Jura 4.0 starts with Legal Tech – Freshe Start-ups & zukunftsweisende Studien

 

Was haben eigentlich Hasen mit der Rechtswissenschaft zu tun? Der wohl bekannteste Hase aus der Juristik hat uns das Sprichwort »Mein Name ist Hase, ich weiß von nichts« beschert: Der Jurastudent Victor von Hase äußerte diesen Satz 1855 als er sich vor Gericht zu einem Strafprozess äußern sollte. Gut möglich ist, dass Studierende der Rechtswissenschaften in Zukunft auch mit dem Karnickel des folgenden Leitsatzes konfrontiert werden: »Wenn ein Jäger am Hasen einmal links und einmal rechts vorbeischießt, dann ist der Hase im Durchschnitt tot. Das ist Statistik.« Hase + Statistik = Jura-Studium? Korrekt! Die Analyse »Legal Tech in der juristischen Ausbildung«, von Prof. Heribert Anzinger in Zusammenarbeit mit der Friedrich Naumann Stiftung, widmet sich der Frage, wo denn die Zukunft des Rechts liegt: Untersucht wurden die Ausbildungsinhalte von mehr als 50 deutschsprachigen Fakultäten mit dem Studienergebnis, dass Legal Tech rechtsgebietsübergreifend Einfluss auf das Berufsbild des Juristen und dessen allgemeinen Anforderungen nehmen könnte. Als Handlungsempfehlung nennt die Studie vor allem die Aufnahme von »statistischen Methoden der Data Science und die technischen Grundlagen von ›Legal Tech‹« in die juristische Ausbildung. Statistik sei die Basis vieler Legal Tech-Anwendungen, erklärt die Studie, und die Anwender und Anwenderinnen der neuen Technologien müssen deren Funktionsweisen verstehen, um beispielsweise mögliche Schwächen einschätzen zu können. Für die Eingliederung von statistischen Grundlagen in das Studium der Rechtswissenschaften spreche außerdem, dass sich statistische Methoden schwer in der Praxis erlernen ließen und bei der Anwendung von Legal Tech Tools nicht vermittelt werde. Gerade im Vergleich mit anderen Ländern habe Deutschland bereits jetzt Handlungsbedarf, um weiterhin wettbewerbsfähig zu bleiben, so Anzingers Studie.

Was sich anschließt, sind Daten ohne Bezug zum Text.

(* A frame $L$ is subfit if and only if each $S\in\mathfrak{B}(\mathrm{coS}(L))$ is a meet in $\mathrm{coS}(L)$ of closed sublocales.
   Context: A frame $L$ is subfit if for all $a,b\in L$ with $a\not\le b$ there is $c\in L$ with $a\vee c=1\ne b\vee c$. A sublocale of $L$ is a subset $S\subseteq L$ closed under arbitrary meets and such that $x\to s\in S$ for all $x\in L$, $s\in S$. $\mathrm{coS}(L)$ is the set of all sublocales of $L$ ordered by reverse inclusion; it is a frame, whose meets are the joins of sublocales under inclusion ($\bigwedge S_i=\{\bigwedge M\mid M\subseteq\bigcup S_i\}$). For $a\in L$, the closed sublocale is $\mathfrak{c}(a)=\{x\in L\mid x\ge a\}$. For a frame $M$, $\mathfrak{B}(M)=\{x\in M\mid x=x^{\ast\ast}\}$, where $^\ast$ is pseudocomplement in $M$. *)

Record frame := Frame {
  car :> Type;
  le : car -> car -> Prop;
  le_refl : forall x, le x x;
  le_trans : forall x y z, le x y -> le y z -> le x z;
  le_antisym : forall x y, le x y -> le y x -> x = y;
  sup : (car -> Prop) -> car;
  sup_ub : forall (S : car -> Prop) x, S x -> le x (sup S);
  sup_least : forall (S : car -> Prop) y, (forall x, S x -> le x y) -> le (sup S) y;
  meet : car -> car -> car;
  meet_lb1 : forall x y, le (meet x y) x;
  meet_lb2 : forall x y, le (meet x y) y;
  meet_glb : forall x y z, le z x -> le z y -> le z (meet x y);
  frame_distr : forall a (S : car -> Prop),
      le (meet a (sup S)) (sup (fun y => exists s, S s /\ y = meet a s))
}.

Section FrameOps.
Variable L : frame.

Definition top : L := sup L (fun _ => True).
Definition join (a b : L) : L := sup L (fun x => x = a \/ x = b).
Definition inf (M : L -> Prop) : L := sup L (fun y => forall m, M m -> le L y m).
Definition imp (a b : L) : L := sup L (fun y => le L (meet L y a) b).

Definition subfit : Prop :=
  forall a b : L, ~ le L a b -> exists c : L, join a c = top /\ join b c <> top.

Definition sublocale (S : L -> Prop) : Prop :=
  (forall M : L -> Prop, (forall m, M m -> S m) -> S (inf M)) /\
  (forall x s, S s -> S (imp x s)).

Definition closed_sub (a : L) : L -> Prop := fun x => le L a x.

(* Meet in coS(L) (ordered by reverse inclusion) of a family of sublocales:
   the join of the sublocales under inclusion, {/\M | M subset of U S_i}. *)
Definition coS_meet {I : Type} (F : I -> L -> Prop) : L -> Prop :=
  fun x => exists M : L -> Prop, (forall m, M m -> exists i, F i m) /\ x = inf M.

Definition coS_meet2 (S T : L -> Prop) : L -> Prop :=
  coS_meet (fun b : bool => if b then S else T).

Definition coS_le (S T : L -> Prop) : Prop := forall x, T x -> S x.

Definition coS_is_bot (S : L -> Prop) : Prop := forall x, S x.

Definition coS_pseudocompl (S T : L -> Prop) : Prop :=
  sublocale T /\ coS_is_bot (coS_meet2 S T) /\
  forall U, sublocale U -> coS_is_bot (coS_meet2 S U) -> coS_le U T.

(* S belongs to B(coS(L)): S = S** *)
Definition in_B_coS (S : L -> Prop) : Prop :=
  sublocale S /\ exists T, coS_pseudocompl S T /\ coS_pseudocompl T S.

End FrameOps.

From Stdlib Require Import Classical.

(* Let S = T* in B(coS L).  For y in L let t be the least element of T above y.
   Whenever t ⊔ e = 1, the closed sublocale c(y ⊔ e) meets T only in 1, so it
   lies inside S; and subfitness yields y = t ⊓ ⋀{y ⊔ e | t ⊔ e = 1}.  Hence T
   together with the closed sublocales inside S covers L, so S = T* is contained
   in (hence equal to) the join of those closed sublocales.
   Conversely, every open sublocale o(a) is complemented by c(a), so it lies in
   B(coS L); writing a ⇨ b in o(a) as a meet of elements of closed sublocales
   c(f i) ⊆ o(a) produces the element required by subfitness when a ≰ b. *)

Section Frame.
Variable L : frame.

Local Infix "≤" := (le L) (at level 70).
Local Infix "⊓" := (meet L) (at level 40, left associativity).
Local Infix "⊔" := (join L) (at level 50, left associativity).
Local Infix "⇨" := (imp L) (at level 60, right associativity).
Local Notation "⊤" := (top L).

Lemma le_top (x : L) : x ≤ ⊤.
Proof. apply sup_ub; exact I. Qed.

Lemma top_le (x : L) : ⊤ ≤ x -> x = ⊤.
Proof. intro H; apply le_antisym; [apply le_top | exact H]. Qed.

Lemma inf_lb (M : L -> Prop) (m : L) : M m -> inf L M ≤ m.
Proof. intro Mm; apply sup_least; intros y Hy; exact (Hy m Mm). Qed.
(* Let $b\ge 2$ with $b\not\equiv 1\pmod 3$, and let $n\ge 2$. Then $$g(T_{b'}(n)) = 3b + \frac{b^{2n}(b^3+b^2-b-1) + b^{n}\{b^2(n+1)-(n+3)\}}{2}.$$
   Context: For integers $b\ge2$ with $b\not\equiv1\pmod3$, $n\ge0$, $i\ge0$ put $s'_i=(b+1)b^{n+i}+1$, and $T_{b'}(n)=\langle\{s'_i:i\in\mathbb{N}\}\rangle$ (submonoid of $(\mathbb{N},+)$ generated by them, a numerical semigroup). The genus $g(S)$ is the cardinality of $\mathbb{N}\setminus S$. *)

From mathcomp Require Import all_boot.
Set Implicit Arguments. Unset Strict Implicit. Unset Printing Implicit Defensive.

Inductive in_monoid (A : nat -> Prop) : nat -> Prop :=
| in_monoid0 : in_monoid A 0
| in_monoid_add : forall a x, A a -> in_monoid A x -> in_monoid A (a + x).

Definition sgen (b n i : nat) : nat := (b + 1) * b ^ (n + i) + 1.

Definition Tb' (b n : nat) : nat -> Prop :=
  in_monoid (fun a => exists i, a = sgen b n i).

Definition has_genus (S : nat -> Prop) (g : nat) : Prop :=
  exists s : seq nat, uniq s /\ (forall x, x \in s <-> ~ S x) /\ size s = g.

(* Unfolding the generators, T_b'(n) is the set of all [size l + c * \sum_(i <- l) b ^ i] with
   c = (b + 1) b^n.  A number M is a sum of exactly k powers of b iff k <= M, k = M modulo b - 1,
   and the base-b digit sum of M is at most k.  Writing x = r + c q with r < c, it follows that x
   lies in T_b'(n) iff either q is a sum of r powers of b, or q >= r + (c + 1) tau, where tau is
   the solution in [1, b - 1] of r + 3 tau = q modulo b - 1 (3 is invertible modulo b - 1
   because b <> 1 modulo 3).  Counting, residue by residue, the q that fail both conditions
   reduces the genus to sums of the Legendre function [\sum_(k >= 1) q %/ b ^ k] over ranges
   [0, b ^ K), which have closed forms. *)

From mathcomp Require Import all_boot zify.
Set Implicit Arguments. Unset Strict Implicit. Unset Printing Implicit Defensive.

Als gutes Beispiel voran geht die Uni Passau, an der seit Oktober 2020 der Bachelorstudiengang »Legal Tech« angeboten wird. »Inhaltlich geht es neben dem klassischen Jurastudium vor allem um Inhalte aus der Wirtschaftsinformatik, des Rechts der Digitalisierung und des praktischen Berufsrechts«, erklärt Prof. Michael Beurskens vom Lehrstuhl für Bürgerliches Recht, Deutsches, Europäisches und Internationales Wirtschaftsrecht. Der zum 1. April 2023 neu angebotene Masterstudiengang »Rechtsinformatik« behandele dem gegenüber fast ausschließlich technische Fragestellungen und den damit verbundenen rechtlichen Folgen, so Beurskens weiter: »Im Vordergrund steht dabei der Nutzen für die Praxis – so dass neben Professor:innen aus der Informatik und der Rechtswissenschaft auch Anwälte, Unternehmer und Personen aus IT-Abteilungen zu Wort kommen.«

Die Digitalisierung im juristischen Bereich hat vor allem bei der Automatisierung von Rechtsdienstleistungen Einzug gehalten – die folgenden Legal Tech Start-ups zeigen, wie es geht.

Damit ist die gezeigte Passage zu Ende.